_GOAL OF THE EXERCISE_
After finding the line with "Lemma mxtrace_mul_proj (A" in the data below, set down exactly each line through the one with "have := congr1", inclusive, and stop there.

GIVEN RECORDS Block Start

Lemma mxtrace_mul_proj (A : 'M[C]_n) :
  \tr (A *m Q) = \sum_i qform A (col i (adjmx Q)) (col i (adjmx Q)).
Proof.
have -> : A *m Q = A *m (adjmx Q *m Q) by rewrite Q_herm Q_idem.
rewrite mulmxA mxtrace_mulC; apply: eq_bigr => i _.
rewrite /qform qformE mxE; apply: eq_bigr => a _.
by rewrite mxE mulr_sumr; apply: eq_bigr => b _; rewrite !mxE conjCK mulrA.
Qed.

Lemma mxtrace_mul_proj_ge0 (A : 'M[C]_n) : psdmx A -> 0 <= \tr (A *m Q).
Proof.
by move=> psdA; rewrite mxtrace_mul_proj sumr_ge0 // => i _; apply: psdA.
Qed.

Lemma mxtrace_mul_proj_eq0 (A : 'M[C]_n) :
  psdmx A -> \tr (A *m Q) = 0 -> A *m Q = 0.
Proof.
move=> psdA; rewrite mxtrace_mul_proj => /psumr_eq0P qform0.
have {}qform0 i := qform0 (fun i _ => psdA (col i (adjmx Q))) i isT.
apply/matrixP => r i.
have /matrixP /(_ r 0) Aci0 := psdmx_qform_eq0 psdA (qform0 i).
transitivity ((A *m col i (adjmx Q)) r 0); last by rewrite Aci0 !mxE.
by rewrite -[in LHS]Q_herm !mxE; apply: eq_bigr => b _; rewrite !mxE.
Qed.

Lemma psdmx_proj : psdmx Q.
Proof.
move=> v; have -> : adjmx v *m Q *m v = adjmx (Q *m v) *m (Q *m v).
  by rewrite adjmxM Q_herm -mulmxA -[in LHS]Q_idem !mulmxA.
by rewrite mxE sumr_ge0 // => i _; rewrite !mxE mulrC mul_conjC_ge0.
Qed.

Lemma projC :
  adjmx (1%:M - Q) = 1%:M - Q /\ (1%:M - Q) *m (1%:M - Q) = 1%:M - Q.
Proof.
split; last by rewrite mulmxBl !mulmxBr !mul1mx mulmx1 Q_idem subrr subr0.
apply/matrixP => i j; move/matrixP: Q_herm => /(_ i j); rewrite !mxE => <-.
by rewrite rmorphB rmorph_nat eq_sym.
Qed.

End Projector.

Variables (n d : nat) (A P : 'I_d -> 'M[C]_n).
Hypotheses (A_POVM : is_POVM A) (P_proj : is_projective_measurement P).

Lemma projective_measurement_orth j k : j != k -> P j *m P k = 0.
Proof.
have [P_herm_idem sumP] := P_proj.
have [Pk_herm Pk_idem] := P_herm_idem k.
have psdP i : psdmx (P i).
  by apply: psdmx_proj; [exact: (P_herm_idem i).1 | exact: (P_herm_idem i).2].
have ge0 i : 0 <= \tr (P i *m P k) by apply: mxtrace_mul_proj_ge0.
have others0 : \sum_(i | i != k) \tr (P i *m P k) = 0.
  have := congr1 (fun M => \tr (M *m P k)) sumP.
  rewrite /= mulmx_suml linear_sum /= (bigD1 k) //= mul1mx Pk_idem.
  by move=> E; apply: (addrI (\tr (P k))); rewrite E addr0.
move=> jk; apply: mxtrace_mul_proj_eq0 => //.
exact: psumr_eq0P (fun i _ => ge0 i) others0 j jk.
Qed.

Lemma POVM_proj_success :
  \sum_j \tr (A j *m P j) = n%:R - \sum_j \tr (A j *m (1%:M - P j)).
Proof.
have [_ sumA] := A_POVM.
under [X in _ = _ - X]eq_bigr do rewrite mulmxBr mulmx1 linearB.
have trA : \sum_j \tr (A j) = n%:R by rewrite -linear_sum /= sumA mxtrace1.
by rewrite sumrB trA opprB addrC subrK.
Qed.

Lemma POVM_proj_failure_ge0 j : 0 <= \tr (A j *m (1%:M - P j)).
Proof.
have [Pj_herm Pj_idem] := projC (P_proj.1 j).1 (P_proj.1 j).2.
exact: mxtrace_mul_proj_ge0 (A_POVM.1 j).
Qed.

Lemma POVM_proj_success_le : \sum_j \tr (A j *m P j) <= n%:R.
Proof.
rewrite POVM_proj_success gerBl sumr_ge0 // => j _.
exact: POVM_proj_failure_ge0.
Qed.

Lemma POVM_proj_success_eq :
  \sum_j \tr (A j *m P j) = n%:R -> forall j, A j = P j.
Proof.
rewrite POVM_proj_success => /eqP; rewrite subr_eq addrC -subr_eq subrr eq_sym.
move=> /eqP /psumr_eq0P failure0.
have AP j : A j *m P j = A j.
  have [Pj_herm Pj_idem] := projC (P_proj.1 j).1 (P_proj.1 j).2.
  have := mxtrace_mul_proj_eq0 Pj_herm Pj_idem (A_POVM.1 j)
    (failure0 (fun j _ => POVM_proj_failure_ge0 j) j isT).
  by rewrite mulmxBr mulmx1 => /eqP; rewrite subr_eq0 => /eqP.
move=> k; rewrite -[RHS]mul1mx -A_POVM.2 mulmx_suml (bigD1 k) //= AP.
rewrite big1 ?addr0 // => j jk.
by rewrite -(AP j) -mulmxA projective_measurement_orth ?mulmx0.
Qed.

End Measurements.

GIVEN RECORDS Block End
GIVEN RECORDS Block Start

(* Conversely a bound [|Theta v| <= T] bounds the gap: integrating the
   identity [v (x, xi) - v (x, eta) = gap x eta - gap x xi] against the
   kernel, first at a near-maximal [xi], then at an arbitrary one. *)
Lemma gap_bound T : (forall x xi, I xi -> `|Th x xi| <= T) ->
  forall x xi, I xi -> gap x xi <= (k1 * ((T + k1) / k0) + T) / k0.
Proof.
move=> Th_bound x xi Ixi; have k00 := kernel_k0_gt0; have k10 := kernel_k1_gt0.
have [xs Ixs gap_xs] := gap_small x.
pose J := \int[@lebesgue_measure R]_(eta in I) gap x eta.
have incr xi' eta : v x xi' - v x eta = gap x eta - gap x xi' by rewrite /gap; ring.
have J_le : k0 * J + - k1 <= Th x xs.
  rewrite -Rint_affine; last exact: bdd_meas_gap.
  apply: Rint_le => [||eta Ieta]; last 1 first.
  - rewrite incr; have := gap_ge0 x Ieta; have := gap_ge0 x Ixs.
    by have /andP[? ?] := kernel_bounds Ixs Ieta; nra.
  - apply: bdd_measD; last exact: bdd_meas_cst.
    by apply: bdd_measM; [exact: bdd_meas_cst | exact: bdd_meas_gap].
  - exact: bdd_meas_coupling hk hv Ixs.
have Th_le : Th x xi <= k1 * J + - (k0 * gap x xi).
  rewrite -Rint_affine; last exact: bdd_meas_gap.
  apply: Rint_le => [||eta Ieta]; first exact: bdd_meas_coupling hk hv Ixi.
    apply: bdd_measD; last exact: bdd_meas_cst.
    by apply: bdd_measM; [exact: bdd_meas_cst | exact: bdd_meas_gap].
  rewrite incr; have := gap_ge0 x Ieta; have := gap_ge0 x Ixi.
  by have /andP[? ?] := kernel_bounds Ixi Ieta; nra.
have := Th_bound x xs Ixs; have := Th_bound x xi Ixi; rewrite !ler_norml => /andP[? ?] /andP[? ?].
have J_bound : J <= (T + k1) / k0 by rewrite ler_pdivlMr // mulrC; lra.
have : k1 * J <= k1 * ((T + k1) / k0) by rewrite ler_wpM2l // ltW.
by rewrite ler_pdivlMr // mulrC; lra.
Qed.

GIVEN RECORDS Block End
GIVEN RECORDS Block Start

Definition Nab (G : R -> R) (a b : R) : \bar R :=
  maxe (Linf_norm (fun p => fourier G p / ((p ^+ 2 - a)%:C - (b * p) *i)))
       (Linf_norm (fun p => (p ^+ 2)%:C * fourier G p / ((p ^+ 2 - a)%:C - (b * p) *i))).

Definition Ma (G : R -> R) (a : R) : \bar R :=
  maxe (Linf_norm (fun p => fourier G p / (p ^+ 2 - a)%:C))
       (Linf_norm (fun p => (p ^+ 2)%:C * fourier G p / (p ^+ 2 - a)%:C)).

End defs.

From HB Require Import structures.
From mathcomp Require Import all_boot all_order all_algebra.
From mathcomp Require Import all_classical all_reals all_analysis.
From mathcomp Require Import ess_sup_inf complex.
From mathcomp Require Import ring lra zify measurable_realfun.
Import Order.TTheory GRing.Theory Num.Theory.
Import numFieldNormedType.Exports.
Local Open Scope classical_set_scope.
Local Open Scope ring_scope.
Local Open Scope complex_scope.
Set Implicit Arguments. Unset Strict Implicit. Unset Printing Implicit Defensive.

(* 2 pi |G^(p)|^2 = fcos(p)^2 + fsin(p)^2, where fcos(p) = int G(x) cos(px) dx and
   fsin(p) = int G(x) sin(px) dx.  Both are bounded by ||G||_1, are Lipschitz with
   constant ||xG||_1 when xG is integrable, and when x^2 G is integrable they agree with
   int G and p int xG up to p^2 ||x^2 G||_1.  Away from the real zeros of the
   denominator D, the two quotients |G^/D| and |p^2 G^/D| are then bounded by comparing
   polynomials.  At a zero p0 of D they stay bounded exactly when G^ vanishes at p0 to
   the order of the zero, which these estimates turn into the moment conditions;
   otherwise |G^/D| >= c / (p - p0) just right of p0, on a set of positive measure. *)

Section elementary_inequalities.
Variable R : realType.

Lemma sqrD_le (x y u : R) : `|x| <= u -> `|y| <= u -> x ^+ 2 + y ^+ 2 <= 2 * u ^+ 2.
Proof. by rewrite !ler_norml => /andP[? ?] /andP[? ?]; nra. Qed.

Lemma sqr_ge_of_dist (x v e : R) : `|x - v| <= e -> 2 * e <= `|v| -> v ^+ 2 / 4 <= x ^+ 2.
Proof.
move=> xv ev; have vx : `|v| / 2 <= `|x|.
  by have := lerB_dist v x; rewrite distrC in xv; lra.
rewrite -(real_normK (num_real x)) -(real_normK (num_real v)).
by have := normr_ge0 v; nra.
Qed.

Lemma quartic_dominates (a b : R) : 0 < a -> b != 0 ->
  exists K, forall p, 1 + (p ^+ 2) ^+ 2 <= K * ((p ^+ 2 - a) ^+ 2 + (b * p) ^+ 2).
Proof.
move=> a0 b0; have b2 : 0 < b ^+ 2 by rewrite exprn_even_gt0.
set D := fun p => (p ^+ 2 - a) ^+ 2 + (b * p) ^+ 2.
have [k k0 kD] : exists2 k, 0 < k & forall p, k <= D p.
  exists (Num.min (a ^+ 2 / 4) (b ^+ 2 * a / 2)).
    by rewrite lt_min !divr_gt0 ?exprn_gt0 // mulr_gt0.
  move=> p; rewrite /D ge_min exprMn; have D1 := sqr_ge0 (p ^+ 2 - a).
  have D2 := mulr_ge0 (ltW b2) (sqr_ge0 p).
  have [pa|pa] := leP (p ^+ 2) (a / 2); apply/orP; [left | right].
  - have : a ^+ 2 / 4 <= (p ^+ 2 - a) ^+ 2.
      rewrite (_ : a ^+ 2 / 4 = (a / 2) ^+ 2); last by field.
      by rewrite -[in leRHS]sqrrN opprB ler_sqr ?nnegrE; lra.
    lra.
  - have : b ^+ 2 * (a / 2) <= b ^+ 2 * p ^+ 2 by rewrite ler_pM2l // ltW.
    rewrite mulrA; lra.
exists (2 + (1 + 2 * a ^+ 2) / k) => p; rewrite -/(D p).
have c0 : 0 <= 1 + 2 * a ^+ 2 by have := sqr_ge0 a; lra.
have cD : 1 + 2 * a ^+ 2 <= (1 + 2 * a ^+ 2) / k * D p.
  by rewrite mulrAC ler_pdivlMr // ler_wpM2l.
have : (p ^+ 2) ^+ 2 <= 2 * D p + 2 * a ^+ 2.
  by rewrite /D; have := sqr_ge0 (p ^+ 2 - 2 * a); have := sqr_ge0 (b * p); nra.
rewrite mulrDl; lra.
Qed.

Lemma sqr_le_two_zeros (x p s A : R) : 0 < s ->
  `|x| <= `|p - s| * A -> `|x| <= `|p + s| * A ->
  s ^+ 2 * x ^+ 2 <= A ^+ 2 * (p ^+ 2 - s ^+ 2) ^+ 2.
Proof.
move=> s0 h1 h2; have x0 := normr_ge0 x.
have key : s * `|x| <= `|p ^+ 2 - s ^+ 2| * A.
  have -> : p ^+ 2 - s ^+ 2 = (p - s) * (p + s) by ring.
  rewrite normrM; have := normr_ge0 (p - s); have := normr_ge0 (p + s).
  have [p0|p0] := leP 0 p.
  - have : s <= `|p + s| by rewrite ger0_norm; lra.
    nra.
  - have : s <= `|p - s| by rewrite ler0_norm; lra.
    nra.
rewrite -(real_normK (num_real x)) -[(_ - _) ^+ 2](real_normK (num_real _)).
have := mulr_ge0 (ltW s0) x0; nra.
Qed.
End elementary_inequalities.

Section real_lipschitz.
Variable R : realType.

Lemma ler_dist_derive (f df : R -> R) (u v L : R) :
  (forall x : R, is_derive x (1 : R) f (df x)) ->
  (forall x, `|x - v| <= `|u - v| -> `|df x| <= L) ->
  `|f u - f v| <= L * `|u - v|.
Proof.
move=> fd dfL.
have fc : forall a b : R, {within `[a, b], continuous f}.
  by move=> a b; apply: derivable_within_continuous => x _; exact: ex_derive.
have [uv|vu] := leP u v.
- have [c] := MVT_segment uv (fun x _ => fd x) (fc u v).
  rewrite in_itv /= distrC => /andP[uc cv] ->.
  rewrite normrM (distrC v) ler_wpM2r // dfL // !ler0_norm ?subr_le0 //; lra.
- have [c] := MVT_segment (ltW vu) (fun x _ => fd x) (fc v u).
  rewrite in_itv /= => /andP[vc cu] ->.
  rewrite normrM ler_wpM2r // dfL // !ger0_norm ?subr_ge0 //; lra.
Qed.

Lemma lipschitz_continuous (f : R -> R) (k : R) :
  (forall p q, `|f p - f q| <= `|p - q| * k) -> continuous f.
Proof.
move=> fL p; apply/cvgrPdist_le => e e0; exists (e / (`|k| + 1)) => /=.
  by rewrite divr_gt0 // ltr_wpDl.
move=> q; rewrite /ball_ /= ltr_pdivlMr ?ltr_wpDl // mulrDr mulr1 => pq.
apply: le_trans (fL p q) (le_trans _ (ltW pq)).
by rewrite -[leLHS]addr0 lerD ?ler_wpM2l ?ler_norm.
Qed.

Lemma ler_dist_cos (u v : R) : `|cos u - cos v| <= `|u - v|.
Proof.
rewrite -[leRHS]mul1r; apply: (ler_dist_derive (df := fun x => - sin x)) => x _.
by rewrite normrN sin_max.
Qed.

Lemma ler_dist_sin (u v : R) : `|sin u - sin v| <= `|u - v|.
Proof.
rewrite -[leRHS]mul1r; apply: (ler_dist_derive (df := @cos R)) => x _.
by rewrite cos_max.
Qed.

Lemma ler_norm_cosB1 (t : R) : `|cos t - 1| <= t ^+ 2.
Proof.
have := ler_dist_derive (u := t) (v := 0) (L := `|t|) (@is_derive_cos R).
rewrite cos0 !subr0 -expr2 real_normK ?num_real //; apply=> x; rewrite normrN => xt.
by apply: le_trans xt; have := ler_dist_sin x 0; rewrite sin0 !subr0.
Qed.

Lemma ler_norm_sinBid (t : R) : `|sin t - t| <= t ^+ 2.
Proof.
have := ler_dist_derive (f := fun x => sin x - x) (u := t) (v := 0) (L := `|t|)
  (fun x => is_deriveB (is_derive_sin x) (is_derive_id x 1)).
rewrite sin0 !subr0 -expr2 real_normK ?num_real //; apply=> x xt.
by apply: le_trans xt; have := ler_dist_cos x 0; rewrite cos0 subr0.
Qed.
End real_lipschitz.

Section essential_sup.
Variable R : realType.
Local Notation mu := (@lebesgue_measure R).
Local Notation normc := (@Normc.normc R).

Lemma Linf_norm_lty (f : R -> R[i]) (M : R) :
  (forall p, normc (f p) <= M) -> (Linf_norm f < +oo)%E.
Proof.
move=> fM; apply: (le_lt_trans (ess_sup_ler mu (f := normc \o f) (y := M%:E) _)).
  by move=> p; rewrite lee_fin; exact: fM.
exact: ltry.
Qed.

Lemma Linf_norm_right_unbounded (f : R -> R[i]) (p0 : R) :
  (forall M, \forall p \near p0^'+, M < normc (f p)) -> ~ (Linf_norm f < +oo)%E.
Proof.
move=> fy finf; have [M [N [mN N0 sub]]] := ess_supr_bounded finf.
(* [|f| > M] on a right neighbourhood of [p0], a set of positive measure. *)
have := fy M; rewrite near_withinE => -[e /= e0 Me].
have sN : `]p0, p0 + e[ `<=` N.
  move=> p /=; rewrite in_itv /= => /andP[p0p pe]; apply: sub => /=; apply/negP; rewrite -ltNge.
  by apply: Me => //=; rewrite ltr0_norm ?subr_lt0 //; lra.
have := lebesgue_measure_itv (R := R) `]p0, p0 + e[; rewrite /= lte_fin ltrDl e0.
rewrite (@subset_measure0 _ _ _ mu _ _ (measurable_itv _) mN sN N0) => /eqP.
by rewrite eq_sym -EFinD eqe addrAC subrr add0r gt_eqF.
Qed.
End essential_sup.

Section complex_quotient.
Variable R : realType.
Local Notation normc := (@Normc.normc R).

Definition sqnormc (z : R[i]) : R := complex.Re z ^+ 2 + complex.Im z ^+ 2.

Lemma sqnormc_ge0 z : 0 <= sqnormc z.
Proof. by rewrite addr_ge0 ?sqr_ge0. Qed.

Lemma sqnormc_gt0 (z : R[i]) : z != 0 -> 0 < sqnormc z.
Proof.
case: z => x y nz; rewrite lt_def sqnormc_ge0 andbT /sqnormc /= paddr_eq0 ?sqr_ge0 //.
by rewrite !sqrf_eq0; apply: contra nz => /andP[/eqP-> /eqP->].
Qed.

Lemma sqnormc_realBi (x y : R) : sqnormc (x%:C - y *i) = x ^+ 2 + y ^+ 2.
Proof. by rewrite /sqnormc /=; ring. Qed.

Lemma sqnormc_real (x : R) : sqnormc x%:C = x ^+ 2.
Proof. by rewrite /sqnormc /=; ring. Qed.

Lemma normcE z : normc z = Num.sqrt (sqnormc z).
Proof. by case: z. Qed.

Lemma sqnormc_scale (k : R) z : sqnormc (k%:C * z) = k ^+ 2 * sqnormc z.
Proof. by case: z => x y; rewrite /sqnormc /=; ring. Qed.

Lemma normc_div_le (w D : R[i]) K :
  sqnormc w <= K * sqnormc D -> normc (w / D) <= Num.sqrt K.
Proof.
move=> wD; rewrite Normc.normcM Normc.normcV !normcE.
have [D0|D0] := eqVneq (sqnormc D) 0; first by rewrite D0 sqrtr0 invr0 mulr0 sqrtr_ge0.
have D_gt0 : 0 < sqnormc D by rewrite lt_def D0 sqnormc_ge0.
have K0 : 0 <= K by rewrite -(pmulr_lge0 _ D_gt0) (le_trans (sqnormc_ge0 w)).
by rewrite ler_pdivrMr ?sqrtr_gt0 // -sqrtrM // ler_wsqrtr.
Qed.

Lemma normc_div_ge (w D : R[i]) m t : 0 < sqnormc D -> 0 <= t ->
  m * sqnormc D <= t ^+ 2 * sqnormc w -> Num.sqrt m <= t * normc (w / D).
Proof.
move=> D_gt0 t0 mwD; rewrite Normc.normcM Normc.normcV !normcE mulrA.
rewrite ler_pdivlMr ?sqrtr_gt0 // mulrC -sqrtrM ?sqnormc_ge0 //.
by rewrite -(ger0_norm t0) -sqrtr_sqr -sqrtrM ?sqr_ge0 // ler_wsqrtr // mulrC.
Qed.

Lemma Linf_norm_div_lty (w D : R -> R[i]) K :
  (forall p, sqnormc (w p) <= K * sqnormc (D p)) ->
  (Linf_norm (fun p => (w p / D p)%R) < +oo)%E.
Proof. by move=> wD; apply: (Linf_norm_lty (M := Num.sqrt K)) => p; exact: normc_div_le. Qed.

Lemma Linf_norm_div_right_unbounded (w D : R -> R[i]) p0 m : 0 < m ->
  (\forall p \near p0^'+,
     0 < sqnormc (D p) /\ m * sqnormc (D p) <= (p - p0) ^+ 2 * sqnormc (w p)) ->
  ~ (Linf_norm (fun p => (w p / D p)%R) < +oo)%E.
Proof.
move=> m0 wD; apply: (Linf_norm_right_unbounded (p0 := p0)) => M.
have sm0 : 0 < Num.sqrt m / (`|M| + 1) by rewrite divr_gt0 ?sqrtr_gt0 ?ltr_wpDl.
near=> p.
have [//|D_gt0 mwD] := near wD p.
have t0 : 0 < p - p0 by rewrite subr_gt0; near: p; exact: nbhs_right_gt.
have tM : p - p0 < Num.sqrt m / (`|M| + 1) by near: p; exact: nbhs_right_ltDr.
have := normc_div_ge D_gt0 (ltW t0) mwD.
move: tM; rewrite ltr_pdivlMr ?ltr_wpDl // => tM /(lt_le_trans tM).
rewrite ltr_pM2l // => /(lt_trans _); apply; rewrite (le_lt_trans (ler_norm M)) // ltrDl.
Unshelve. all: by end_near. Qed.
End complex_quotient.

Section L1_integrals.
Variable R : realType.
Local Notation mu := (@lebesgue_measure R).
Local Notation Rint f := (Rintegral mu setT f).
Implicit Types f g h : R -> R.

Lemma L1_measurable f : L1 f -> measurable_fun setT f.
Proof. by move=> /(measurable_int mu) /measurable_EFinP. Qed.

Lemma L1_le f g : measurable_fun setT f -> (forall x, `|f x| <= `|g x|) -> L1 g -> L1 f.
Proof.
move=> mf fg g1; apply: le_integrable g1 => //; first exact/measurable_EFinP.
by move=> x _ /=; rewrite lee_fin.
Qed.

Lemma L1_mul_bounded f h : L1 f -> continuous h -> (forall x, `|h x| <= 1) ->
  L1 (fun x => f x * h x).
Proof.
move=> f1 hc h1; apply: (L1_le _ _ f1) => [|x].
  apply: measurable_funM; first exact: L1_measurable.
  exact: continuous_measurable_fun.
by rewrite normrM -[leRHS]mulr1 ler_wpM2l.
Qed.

GIVEN RECORDS Block End

_RESPONSE AREA_
Lemma mxtrace_mul_proj (A : 'M[C]_n) :
  \tr (A *m Q) = \sum_i qform A (col i (adjmx Q)) (col i (adjmx Q)).
Proof.
have -> : A *m Q = A *m (adjmx Q *m Q) by rewrite Q_herm Q_idem.
rewrite mulmxA mxtrace_mulC; apply: eq_bigr => i _.
rewrite /qform qformE mxE; apply: eq_bigr => a _.
by rewrite mxE mulr_sumr; apply: eq_bigr => b _; rewrite !mxE conjCK mulrA.
Qed.

Lemma mxtrace_mul_proj_ge0 (A : 'M[C]_n) : psdmx A -> 0 <= \tr (A *m Q).
Proof.
by move=> psdA; rewrite mxtrace_mul_proj sumr_ge0 // => i _; apply: psdA.
Qed.

Lemma mxtrace_mul_proj_eq0 (A : 'M[C]_n) :
  psdmx A -> \tr (A *m Q) = 0 -> A *m Q = 0.
Proof.
move=> psdA; rewrite mxtrace_mul_proj => /psumr_eq0P qform0.
have {}qform0 i := qform0 (fun i _ => psdA (col i (adjmx Q))) i isT.
apply/matrixP => r i.
have /matrixP /(_ r 0) Aci0 := psdmx_qform_eq0 psdA (qform0 i).
transitivity ((A *m col i (adjmx Q)) r 0); last by rewrite Aci0 !mxE.
by rewrite -[in LHS]Q_herm !mxE; apply: eq_bigr => b _; rewrite !mxE.
Qed.

Lemma psdmx_proj : psdmx Q.
Proof.
move=> v; have -> : adjmx v *m Q *m v = adjmx (Q *m v) *m (Q *m v).
  by rewrite adjmxM Q_herm -mulmxA -[in LHS]Q_idem !mulmxA.
by rewrite mxE sumr_ge0 // => i _; rewrite !mxE mulrC mul_conjC_ge0.
Qed.

Lemma projC :
  adjmx (1%:M - Q) = 1%:M - Q /\ (1%:M - Q) *m (1%:M - Q) = 1%:M - Q.
Proof.
split; last by rewrite mulmxBl !mulmxBr !mul1mx mulmx1 Q_idem subrr subr0.
apply/matrixP => i j; move/matrixP: Q_herm => /(_ i j); rewrite !mxE => <-.
by rewrite rmorphB rmorph_nat eq_sym.
Qed.

End Projector.

Variables (n d : nat) (A P : 'I_d -> 'M[C]_n).
Hypotheses (A_POVM : is_POVM A) (P_proj : is_projective_measurement P).

Lemma projective_measurement_orth j k : j != k -> P j *m P k = 0.
Proof.
have [P_herm_idem sumP] := P_proj.
have [Pk_herm Pk_idem] := P_herm_idem k.
have psdP i : psdmx (P i).
  by apply: psdmx_proj; [exact: (P_herm_idem i).1 | exact: (P_herm_idem i).2].
have ge0 i : 0 <= \tr (P i *m P k) by apply: mxtrace_mul_proj_ge0.
have others0 : \sum_(i | i != k) \tr (P i *m P k) = 0.
  have := congr1 (fun M => \tr (M *m P k)) sumP.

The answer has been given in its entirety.